ABSTRACT: Cells dynamically change their internal organization via continuous cell state transitions to mediate a plethora of physiological processes. Understanding such continuous processes is severely limited due to a lack of tools to measure the holistic physiological state of single cells undergoing a transition. We combined live-cell imaging and machine learning to quantitatively monitor skeletal muscle precursor cell (myoblast) differentiation during multinucleated muscle fiber formation. Our machine learning model predicted the continuous differentiation state of single primary murine myoblasts over time and revealed that inhibiting ERK1/2 leads to a gradual transition from an undifferentiated to a terminally differentiated state 7.5-14.5 hours post inhibition.
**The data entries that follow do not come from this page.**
Lemma dist_axis_triangle (a b : R) (d : point) :
  dist (a, 0) d <= Rabs (a - b) + dist (b, 0) d.
Proof.
  rewrite !dist_axis. destruct d as [x y]; cbn [fst snd].
  set (Q := sqrt ((x - b) ^ 2 + y ^ 2)).
  assert (HQ : 0 <= Q) by apply sqrt_pos.
  assert (HQ2 : Q ^ 2 = (x - b) ^ 2 + y ^ 2) by (apply pow2_sqrt_sum_sqr).
  assert (Hxb : Rabs (x - b) <= Q) by (apply abs_le_iff_sqr_le; [exact HQ |];
    rewrite HQ2; pose proof (pow2_ge_0 y); lra).
  assert (Hcross : (x - b) * (b - a) <= Q * Rabs (a - b)).
  { rewrite Rabs_minus_sym.
    apply (Rle_trans _ (Rabs (x - b) * Rabs (b - a))).
    - rewrite <- Rabs_mult. apply Rle_abs.
    - apply Rmult_le_compat_r; [apply Rabs_pos | exact Hxb]. }
  pose proof (Rabs_pos (a - b)) as Hab. pose proof (pow2_abs (a - b)) as Hab2.
  apply sqrt_le_of_sqr_le; [lra |].
  replace ((Rabs (a - b) + Q) ^ 2)
    with (Rabs (a - b) ^ 2 + 2 * (Q * Rabs (a - b)) + Q ^ 2) by ring.
  rewrite Hab2, HQ2. lra.
Qed.

Lemma focal_sum_le_iff (c M m X y : R) :
  0 < c < M -> 0 < m -> m ^ 2 = M ^ 2 - c ^ 2 ->
  sqrt ((X + c) ^ 2 + y ^ 2) + sqrt ((X - c) ^ 2 + y ^ 2) <= 2 * M <->
  X ^ 2 * m ^ 2 + M ^ 2 * y ^ 2 <= M ^ 2 * m ^ 2.
Proof.
  intros Hc Hm Hmc.
  set (P := sqrt ((X + c) ^ 2 + y ^ 2)); set (Q := sqrt ((X - c) ^ 2 + y ^ 2)).
  assert (HP : 0 <= P) by apply sqrt_pos.
  assert (HQ : 0 <= Q) by apply sqrt_pos.
  assert (HP2 : P ^ 2 = (X + c) ^ 2 + y ^ 2) by (apply pow2_sqrt_sum_sqr).
  assert (HQ2 : Q ^ 2 = (X - c) ^ 2 + y ^ 2) by (apply pow2_sqrt_sum_sqr).
  (* As P^2 - Q^2 = 4 c X, squaring P <= 2 M - Q gives M Q <= M^2 - c X, and
     squaring once more gives the ellipse inequality. *)
  assert (Hkey : (M ^ 2 - c * X) ^ 2 - (M * Q) ^ 2
                 = M ^ 2 * m ^ 2 - X ^ 2 * m ^ 2 - M ^ 2 * y ^ 2).
  { replace ((M * Q) ^ 2) with (M ^ 2 * Q ^ 2) by ring. rewrite HQ2, Hmc. ring. }
  assert (HPQ : P ^ 2 - Q ^ 2 = 4 * c * X) by (rewrite HP2, HQ2; ring).
  split; intros H.
  - assert (HP2M : P ^ 2 <= (2 * M - Q) ^ 2) by nra.
    assert (HMQ : M * Q <= M ^ 2 - c * X) by nra.
    assert (HMQ2 : (M * Q) ^ 2 <= (M ^ 2 - c * X) ^ 2)
      by (apply pow_incr; split; [nra | exact HMQ]).
    lra.
  - assert (HX : X ^ 2 <= M ^ 2).
    { apply (Rmult_le_reg_r (m ^ 2)); [nra |].
      pose proof (pow2_ge_0 (M * y)). nra. }
    assert (HXM : - M <= X <= M)
      by (apply Rabs_le_iff, abs_le_iff_sqr_le; [lra | exact HX]).
    assert (HMQ2 : (M * Q) ^ 2 <= (M ^ 2 - c * X) ^ 2) by lra.
    assert (HMQ : M * Q <= M ^ 2 - c * X)
      by (apply pow2_le_reg; [nra | exact HMQ2]).
    assert (HQM : Q <= 2 * M) by nra.
    assert (HP2M : P ^ 2 <= (2 * M - Q) ^ 2) by nra.
    apply pow2_le_reg in HP2M; lra.
Qed.
Lemma sum1_truncate m k h :
  sum1 m (fun j => if Nat.leb j k then h j else 0) = sum1 (Nat.min k m) h.
Proof.
  induction m as [|m IH].
  - rewrite Nat.min_0_r. reflexivity.
  - rewrite sum1_S, IH. destruct (Nat.leb_spec (S m) k).
    + rewrite (Nat.min_r k (S m)), (Nat.min_r k m) by lia. rewrite sum1_S; reflexivity.
    + rewrite (Nat.min_l k (S m)), (Nat.min_l k m) by lia. ring.
Qed.

Lemma sum1_indicator m k :
  sum1 m (fun j => if Nat.leb j k then 1 else 0) = INR (Nat.min k m).
Proof. rewrite (sum1_truncate m k (fun _ => 1)), sum1_const; ring. Qed.

Lemma sum1_id n : sum1 n INR = INR n * (INR n + 1) / 2.
Proof. induction n as [|n IH]; [simpl; field|]. rewrite sum1_S, IH, S_INR; field. Qed.

(* The increments [ell j = log(1 + 1/j)] of the logarithm at the integers. *)
Definition ell (j : nat) : R := ln (1 + / INR j).

Lemma ln_le x y : 0 < x -> x <= y -> ln x <= ln y.
Proof.
  intros Hx Hxy. destruct (Rle_lt_or_eq_dec _ _ Hxy) as [Hlt|<-]; [|lra].
  left; apply ln_increasing; assumption.
Qed.

Lemma ell_pos j : (1 <= j)%nat -> 0 < ell j.
Proof.
  intros Hj. unfold ell. rewrite <- ln_1.
  assert (0 < / INR j) by (apply Rinv_0_lt_compat, lt_0_INR; lia).
  apply ln_increasing; lra.
Qed.

(* [log(1 + 1/j) <= 1/j <= 1], from [1 + x <= exp x]. *)
Lemma ell_le_1 j : (1 <= j)%nat -> ell j <= 1.
Proof.
  intros Hj. unfold ell.
  assert (1 <= INR j) by (apply (le_INR 1); lia).
  assert (0 < / INR j) by (apply Rinv_0_lt_compat; lra).
  assert (/ INR j <= 1) by (rewrite <- Rinv_1; apply Rinv_le_contravar; lra).
  apply Rle_trans with (ln (exp 1)); [apply ln_le; [lra|] | rewrite ln_exp; lra].
  pose proof (exp_ineq1 1 ltac:(lra)). lra.
Qed.

Lemma ell_antitone k j : (1 <= k <= j)%nat -> ell j <= ell k.
Proof.
  intros Hkj. unfold ell.
  assert (1 <= INR k) by (apply (le_INR 1); lia).
  assert (INR k <= INR j) by (apply le_INR; lia).
  assert (/ INR j <= / INR k) by (apply Rinv_le_contravar; lra).
  assert (0 < / INR j) by (apply Rinv_0_lt_compat; lra).
  apply ln_le; lra.
Qed.

Lemma sum_ell a : sum1 a ell = ln (INR a + 1).
Proof.
  induction a as [|a IH].
  - simpl. rewrite Rplus_0_l, ln_1. reflexivity.
  - rewrite sum1_S, IH, S_INR. unfold ell. rewrite S_INR.
    pose proof (pos_INR a).
    assert (0 < / (INR a + 1)) by (apply Rinv_0_lt_compat; lra).
    rewrite <- ln_mult by lra. f_equal. field. lra.
Qed.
Myoblast fusion occurred ~3 hours after predicted terminal differentiation. Moreover, we showed that our model could predict that cells have reached terminal differentiation under conditions where fusion was stalled, demonstrating potential applications in screening. This method can be adapted to other biological processes to reveal connections between the dynamic single-cell state and virtually any other functional readout.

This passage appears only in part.